Stored entries

□ □ □ □ □ □ □

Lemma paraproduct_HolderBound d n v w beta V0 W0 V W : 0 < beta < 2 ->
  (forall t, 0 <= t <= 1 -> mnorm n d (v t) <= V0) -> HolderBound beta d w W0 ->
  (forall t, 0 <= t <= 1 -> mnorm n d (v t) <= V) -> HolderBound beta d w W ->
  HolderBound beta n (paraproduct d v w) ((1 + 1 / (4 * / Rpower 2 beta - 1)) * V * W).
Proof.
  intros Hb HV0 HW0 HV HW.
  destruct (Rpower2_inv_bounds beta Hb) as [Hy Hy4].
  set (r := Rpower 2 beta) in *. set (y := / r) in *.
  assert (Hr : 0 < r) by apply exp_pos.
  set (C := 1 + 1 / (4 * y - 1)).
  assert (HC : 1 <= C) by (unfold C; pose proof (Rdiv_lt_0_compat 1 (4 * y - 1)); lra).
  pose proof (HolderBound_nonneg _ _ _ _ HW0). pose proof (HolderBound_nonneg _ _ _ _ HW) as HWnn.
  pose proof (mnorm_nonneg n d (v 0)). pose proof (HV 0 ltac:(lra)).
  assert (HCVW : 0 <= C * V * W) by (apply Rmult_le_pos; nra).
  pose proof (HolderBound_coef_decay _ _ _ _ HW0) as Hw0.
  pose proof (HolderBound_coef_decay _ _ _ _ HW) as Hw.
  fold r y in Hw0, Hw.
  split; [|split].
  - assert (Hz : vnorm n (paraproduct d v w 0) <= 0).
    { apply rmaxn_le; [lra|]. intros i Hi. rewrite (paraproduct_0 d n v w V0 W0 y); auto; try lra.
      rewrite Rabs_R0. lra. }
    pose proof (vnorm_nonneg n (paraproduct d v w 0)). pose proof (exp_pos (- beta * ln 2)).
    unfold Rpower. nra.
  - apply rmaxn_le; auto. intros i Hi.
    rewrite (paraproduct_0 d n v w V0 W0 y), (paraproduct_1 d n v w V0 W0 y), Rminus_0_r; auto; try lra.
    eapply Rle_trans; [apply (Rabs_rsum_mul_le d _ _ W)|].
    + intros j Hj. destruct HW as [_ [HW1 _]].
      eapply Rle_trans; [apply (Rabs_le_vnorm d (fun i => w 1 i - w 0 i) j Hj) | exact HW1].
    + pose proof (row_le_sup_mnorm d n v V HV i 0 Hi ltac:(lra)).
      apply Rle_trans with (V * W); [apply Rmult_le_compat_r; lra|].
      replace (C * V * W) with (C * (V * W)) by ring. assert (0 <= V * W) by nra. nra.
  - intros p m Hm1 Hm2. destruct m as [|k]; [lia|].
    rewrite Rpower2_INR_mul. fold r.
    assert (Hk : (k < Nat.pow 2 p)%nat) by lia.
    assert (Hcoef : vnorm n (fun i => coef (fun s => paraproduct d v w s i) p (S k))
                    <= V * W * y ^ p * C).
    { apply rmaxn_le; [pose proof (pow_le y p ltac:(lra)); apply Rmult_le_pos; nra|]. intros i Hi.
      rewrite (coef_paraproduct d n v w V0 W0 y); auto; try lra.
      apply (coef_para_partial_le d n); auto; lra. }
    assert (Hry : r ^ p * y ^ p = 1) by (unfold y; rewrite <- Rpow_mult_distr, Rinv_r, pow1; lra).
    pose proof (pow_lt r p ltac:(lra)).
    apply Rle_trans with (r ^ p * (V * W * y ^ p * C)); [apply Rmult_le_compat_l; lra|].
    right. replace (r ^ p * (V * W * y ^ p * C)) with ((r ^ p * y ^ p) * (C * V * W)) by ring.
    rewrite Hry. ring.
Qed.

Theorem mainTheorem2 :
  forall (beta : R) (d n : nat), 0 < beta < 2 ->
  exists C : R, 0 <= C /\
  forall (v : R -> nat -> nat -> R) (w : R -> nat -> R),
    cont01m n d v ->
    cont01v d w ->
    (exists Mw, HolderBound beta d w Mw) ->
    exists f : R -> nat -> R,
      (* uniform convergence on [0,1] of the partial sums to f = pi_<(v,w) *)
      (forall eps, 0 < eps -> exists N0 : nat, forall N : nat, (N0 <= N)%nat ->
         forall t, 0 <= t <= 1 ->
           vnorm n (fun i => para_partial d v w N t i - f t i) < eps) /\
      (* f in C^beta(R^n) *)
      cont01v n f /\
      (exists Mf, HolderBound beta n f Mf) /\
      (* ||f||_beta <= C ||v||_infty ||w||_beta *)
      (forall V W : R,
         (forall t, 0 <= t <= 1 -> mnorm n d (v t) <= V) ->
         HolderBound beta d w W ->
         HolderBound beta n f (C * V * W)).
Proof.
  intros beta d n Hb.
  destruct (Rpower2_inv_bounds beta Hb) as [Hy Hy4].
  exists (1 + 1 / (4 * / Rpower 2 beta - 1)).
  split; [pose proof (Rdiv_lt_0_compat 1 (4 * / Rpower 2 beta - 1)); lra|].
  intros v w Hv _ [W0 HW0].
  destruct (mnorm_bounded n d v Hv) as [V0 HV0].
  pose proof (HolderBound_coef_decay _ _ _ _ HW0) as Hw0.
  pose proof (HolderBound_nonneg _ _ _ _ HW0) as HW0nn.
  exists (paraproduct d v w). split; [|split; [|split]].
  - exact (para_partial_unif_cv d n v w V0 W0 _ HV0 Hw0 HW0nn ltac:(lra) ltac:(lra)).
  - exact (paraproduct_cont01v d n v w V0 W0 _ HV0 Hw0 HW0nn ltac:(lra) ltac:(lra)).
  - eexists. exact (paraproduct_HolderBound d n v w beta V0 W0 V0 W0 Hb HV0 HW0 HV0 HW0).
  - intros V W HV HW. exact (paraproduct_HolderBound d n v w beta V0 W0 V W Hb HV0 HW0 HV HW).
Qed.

□ □ □ □ □ □ □

Task description
Please output the exact lines of the records above, beginning with the first and stopping after the line that holds "eapply Rle_trans; [apply (Rabs_rsum_mul_le", and nothing else.

Finished exercise
Lemma paraproduct_HolderBound d n v w beta V0 W0 V W : 0 < beta < 2 ->
  (forall t, 0 <= t <= 1 -> mnorm n d (v t) <= V0) -> HolderBound beta d w W0 ->
  (forall t, 0 <= t <= 1 -> mnorm n d (v t) <= V) -> HolderBound beta d w W ->
  HolderBound beta n (paraproduct d v w) ((1 + 1 / (4 * / Rpower 2 beta - 1)) * V * W).
Proof.
  intros Hb HV0 HW0 HV HW.
  destruct (Rpower2_inv_bounds beta Hb) as [Hy Hy4].
  set (r := Rpower 2 beta) in *. set (y := / r) in *.
  assert (Hr : 0 < r) by apply exp_pos.
  set (C := 1 + 1 / (4 * y - 1)).
  assert (HC : 1 <= C) by (unfold C; pose proof (Rdiv_lt_0_compat 1 (4 * y - 1)); lra).
  pose proof (HolderBound_nonneg _ _ _ _ HW0). pose proof (HolderBound_nonneg _ _ _ _ HW) as HWnn.
  pose proof (mnorm_nonneg n d (v 0)). pose proof (HV 0 ltac:(lra)).
  assert (HCVW : 0 <= C * V * W) by (apply Rmult_le_pos; nra).
  pose proof (HolderBound_coef_decay _ _ _ _ HW0) as Hw0.
  pose proof (HolderBound_coef_decay _ _ _ _ HW) as Hw.
  fold r y in Hw0, Hw.
  split; [|split].
  - assert (Hz : vnorm n (paraproduct d v w 0) <= 0).
    { apply rmaxn_le; [lra|]. intros i Hi. rewrite (paraproduct_0 d n v w V0 W0 y); auto; try lra.
      rewrite Rabs_R0. lra. }
    pose proof (vnorm_nonneg n (paraproduct d v w 0)). pose proof (exp_pos (- beta * ln 2)).
    unfold Rpower. nra.
  - apply rmaxn_le; auto. intros i Hi.
    rewrite (paraproduct_0 d n v w V0 W0 y), (paraproduct_1 d n v w V0 W0 y), Rminus_0_r; auto; try lra.
    eapply Rle_trans; [apply (Rabs_rsum_mul_le d _ _ W)|].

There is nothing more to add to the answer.